It was also Hinton who recalled that there were those who “came and paid their money just to heckle the Negro bands, like some people like to tease an animal and we had no recourse.”62 This was particularly grating for Hinton, a man of multiple talents of whom, it was announced in 1954, that “if a poll were to be taken among jazzmen of all styles to determine the most versatile musician,” the winner would be this creative bassist.63

There was a related problem. “There was a whole [lot] of black music,” said Danny Barker, the musician, “that wasn’t played on white jukeboxes, radio stations” and “Hollywood movies.
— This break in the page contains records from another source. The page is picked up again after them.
(* Let $G=(V,E,A)$ be an undirected attributed graph with $A=\{a,b\}$, let $k,\delta$ be integers, and let $R,C\subseteq V$ be disjoint vertex sets. Let $G'$ be the subgraph of $G$ induced by $R\cup C$, properly colored with colors from a totally ordered set (adjacent vertices receive distinct colors), and let every vertex have a distinct integer ID. Define the total order $\prec$ on $R\cup C$ by $u\prec v$ iff $color(u)<color(v)$, or $color(u)=color(v)$ and $ID(u)<ID(v)$, and let $\vec G'$ be the directed acyclic graph obtained from $G'$ by orienting each edge from its $\prec$-smaller endpoint to its $\prec$-larger endpoint. Let $CP(G')$ be a colorful directed path of $\vec G'$ with the maximum number of vertices. Then $ub_{cp}=|CP(G')|$ satisfies $MRFC(R,C)\le ub_{cp}$.
   Context: For $S\subseteq V$, $cnt_S(x)=|\{v\in S:A(v)=x\}|$. A $(k,\delta)$-relative fair clique of $G$ is a clique $K$ of $G$ with $cnt_K(a)\ge k$, $cnt_K(b)\ge k$, $|cnt_K(a)-cnt_K(b)|\le\delta$, such that no clique $K'\supsetneq K$ of $G$ satisfies these three conditions. $MRFC(R,C)$ denotes the maximum number of vertices of a $(k,\delta)$-relative fair clique $K$ of $G$ with $R\subseteq K\subseteq R\cup C$ (the search instance $(R,C)$: $R$ is the current partial clique and $C$ the candidate set). A colorful path is a path $v_1,\dots,v_p$ whose vertices all have pairwise distinct colors; $|CP(G')|$ is its number of vertices. *)

From mathcomp Require Import all_boot all_order all_algebra.
Set Implicit Arguments. Unset Strict Implicit. Unset Printing Implicit Defensive.
Import Order.TTheory GRing.Theory Num.Theory.

(* Attributes {a,b} are encoded as bool: a = true, b = false. *)
Section Defs.
Variables (V : finType) (e : rel V) (A : V -> bool).

Definition cnt (S : {set V}) (x : bool) : nat := #|[set v in S | A v == x]|.

Definition is_clique (K : {set V}) : bool :=
  [forall u in K, forall v in K, (u != v) ==> e u v].

Definition fair (k delta : int) (K : {set V}) : bool :=
  [&& (k <= (cnt K true)%:Z)%R, (k <= (cnt K false)%:Z)%R
    & (`|(cnt K true)%:Z - (cnt K false)%:Z| <= delta)%R].

Definition rfc (k delta : int) (K : {set V}) : bool :=
  [&& is_clique K, fair k delta K &
      [forall K' : {set V}, ((K \proper K') && is_clique K') ==> ~~ fair k delta K']].

(* MRFC(R,C): max size of an rfc K with R <= K <= R u C (0 if none) *)
Definition MRFC (k delta : int) (R C : {set V}) : nat :=
  \max_(K : {set V} | [&& rfc k delta K, R \subset K & K \subset R :|: C]) #|K|.

Variables (d : Order.disp_t) (Col : orderType d) (color : V -> Col) (ID : V -> int).

Definition prec (u v : V) : bool :=
  ((color u < color v)%O || ((color u == color v) && (ID u < ID v)%R)).

Definition arc (R C : {set V}) (u v : V) : bool :=
  [&& u \in R :|: C, v \in R :|: C, e u v & prec u v].

Definition colorful_dpath (R C : {set V}) (p : seq V) : bool :=
  [&& all (fun v => v \in R :|: C) p, sorted (arc R C) p & uniq (map color p)].
End Defs.

From Pilot Require Import Defs.
From mathcomp Require Import all_boot all_order all_algebra.
Import Order.TTheory.

Set Implicit Arguments.
Unset Strict Implicit.
Unset Printing Implicit Defensive.

(* A clique of G' is properly coloured, so its colours are pairwise distinct;
   listing it by increasing colour therefore gives a colorful directed path of
   the oriented G', because each consecutive pair is an edge oriented from
   smaller to larger colour.  Hence every clique in R u C, and in particular
   every relative fair clique counted by MRFC(R,C), has at most |CP(G')|
   vertices. *)

Section CliqueToColorfulPath.

Variables (V : finType) (e : rel V).

Lemma is_cliqueP (K : {set V}) :
  is_clique e K -> {in K &, forall u v, u != v -> e u v}.
Proof.
rewrite /is_clique => /forallP clK u v uK vK.
by move: (clK u); rewrite uK => /forallP/(_ v); rewrite vK /= => /implyP.
Qed.

Variables (d : Order.disp_t) (Col : orderType d) (color : V -> Col).

Definition color_sort (K : {set V}) : seq V :=
  sort (relpre color <=%O) (enum K).

Lemma mem_color_sort (K : {set V}) : color_sort K =i K.
Proof. by move=> u; rewrite mem_sort mem_enum. Qed.

Lemma size_color_sort (K : {set V}) : size (color_sort K) = #|K|.
Proof. by rewrite size_sort cardE. Qed.

Lemma color_sort_lt (K : {set V}) :
  {in K &, injective color} -> sorted (relpre color <%O) (color_sort K).
Proof.
move=> color_injK; rewrite -sorted_map lt_sorted_uniq_le sorted_map.
rewrite sort_sorted ?andbT; last by move=> u v; exact: le_total.
rewrite map_inj_in_uniq ?sort_uniq ?enum_uniq //.
by move=> u v; rewrite !mem_color_sort; exact: color_injK.
Qed.

Lemma clique_color_inj (S K : {set V}) :
  {in S &, forall u v, e u v -> color u != color v} ->
  is_clique e K -> K \subset S -> {in K &, injective color}.
Proof.
move=> color_proper clK /subsetP KS u v uK vK cuv; apply/eqP; apply: contraT.
move=> /(is_cliqueP clK uK vK)/(color_proper u v (KS u uK) (KS v vK)).
by rewrite cuv eqxx.
Qed.

Variable (ID : V -> int).

Lemma colorful_dpath_color_sort (R C K : {set V}) :
  {in R :|: C &, forall u v, e u v -> color u != color v} ->
  is_clique e K -> K \subset R :|: C ->
  colorful_dpath e color ID R C (color_sort K).
Proof.
move=> color_proper clK KRC.
have color_injK := clique_color_inj color_proper clK KRC.
have sort_in_K : all [in K] (color_sort K).
  by apply/allP => u; rewrite mem_color_sort.
move/subsetP: KRC => KRC; apply/and3P; split.
- by apply/allP => u; rewrite mem_color_sort => /KRC.
- apply: (sub_in_sorted _ sort_in_K (color_sort_lt color_injK)).
  move=> u v uK vK /= ltc.
  have uv : u != v by apply: contraTneq ltc => ->; rewrite ltxx.
  (* [arc] alone would denote the cycle arc of path.v *)
  by rewrite /Defs.arc /prec !KRC ?(is_cliqueP clK) ?ltc.
- rewrite map_inj_in_uniq ?sort_uniq ?enum_uniq // => u v.
  by rewrite !mem_color_sort; exact: color_injK.
Qed.

End CliqueToColorfulPath.

Lemma MRFC_le_clique_bound (V : finType) (e : rel V) (A : V -> bool)
    (k delta : int) (R C : {set V}) (n : nat) :
  (forall K, is_clique e K -> K \subset R :|: C -> #|K| <= n) ->
  MRFC e A k delta R C <= n.
Proof.
move=> bound; apply/bigmax_leqP => K /and3P[/and3P[clK _ _] _ KRC].
exact: bound.
Qed.

Theorem lemma14 (V : finType) (e : rel V) (A : V -> bool)
  (e_sym : symmetric e) (e_irr : irreflexive e)
  (k delta : int) (R C : {set V}) (RC_disj : [disjoint R & C])
  (d : Order.disp_t) (Col : orderType d) (color : V -> Col)
  (color_proper : forall u v, u \in R :|: C -> v \in R :|: C -> e u v ->
                  color u != color v)
  (ID : V -> int) (ID_inj : injective ID)
  (p : seq V) (p_cp : colorful_dpath e color ID R C p)
  (p_max : forall q : seq V, colorful_dpath e color ID R C q -> size q <= size p) :
  MRFC e A k delta R C <= size p.
Proof.
apply: MRFC_le_clique_bound => K clK KRC.
have /p_max : colorful_dpath e color ID R C (color_sort color K).
  exact: colorful_dpath_color_sort.
by rewrite size_color_sort.
Qed.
This was done purposely through racism—prejudice.” Thus, there were “millions of jukeboxes around the country,” and “many did not spin black artists.” There was also the companion unsavory practice of abasement of these often proud artists: “You had to sing a river song,” Barker said angrily, “the ‘Robert E. Lee’ or ‘Swanee’—or you didn’t sing at all. That was the racist custom down South,” up North, too. Some indignities were comparably harsher. “All black show people having emergencies” of a urological nature were often “hitting the bushes on the highways and byways, because the segregation laws did not allow black backsides to sit on the same toilet as white backsides,” leading to “much trouble with many bands and troupes getting into hassles about using toilets that had signs above saying” blaringly, “FOR WHITES ONLY.”64

Once in 1944, the Ellington band had to appear on stage famished since they couldn’t find a place that would serve them in St. Louis.65 Presumably, and tauntingly ironic, there were toilets available for them to use.

Marshall Royal, born in Oklahoma in 1912, best known for his horn virtuosity with Basie, lamented that “some of the things that a black musician had to experience when I was out on the road … was pretty rough to stomach. You would have to get off a bus when you come into town, three o’clock in the morning, and go around and start knocking on people’s doors trying to find a place to stay because you couldn’t stay in a white hotel and there wasn’t any black hotels in the towns.” Like others so persecuted, he spoke longingly of exile: “You had to go into another country to even be able to be treated like a man if you were in a black band,” since “jazz in every country except the United States is put on a pedestal.”66

The vicissitudes of travel were a constant complaint among black musicians.67 It was in July 1942 that Cab Calloway and NAACP leader Walter White sought to improve the parlous travel options. “Because of Jim Crow rulings it was reported, train service is not available to … colored bands south of the Mason and Dixon line.” This was no minor matter since the “average colored band spends at least eight months of the year on the road.”68 Calloway had good reason to investigate transport options since he often had occasion to flee. Such was the case in Memphis when he and his band performed before a packed house, but, as one writer put it, he and his cohorts “drew more feminine attention than white southern male egos thought proper.” A fight ensued, and Calloway and his band were ordered out of town. After this incident, Black bands playing for Euro-American audiences were discouraged by City Hall from playing in public places.69

By August 1942, bus travel was eliminated because of fuel rationing, leading to the opinion that the “situation for colored bands is nothing short of desperate.” Many did not have vehicles of any type and were hampered by Jim Crow train travel. Even “white bands” found the situation to be “tough.”70 Assuredly, what one journal denoted as the “race segregation problem” hampered Negro bands, forcing them into layoffs, despite their apparent popularity.71

Trombonist “Trummy” Young moaned that buses “used to break down all the time,” leaving passengers stranded and upset. Baritone saxophonist Harry Carney, born in Boston in 1912, “would drive 12 hours and then go on stage and play,” inexorably impacting his performances. “You play a job and you’re riding and you’re tired,” which was “very dangerous.” Hence, “several guys got killed, like Chu Berry,” the saxophonist, born in 1908 and perishing in 1941. It was after work and the driver-trumpeter, Charlie Shavers, as he recalled, was tired.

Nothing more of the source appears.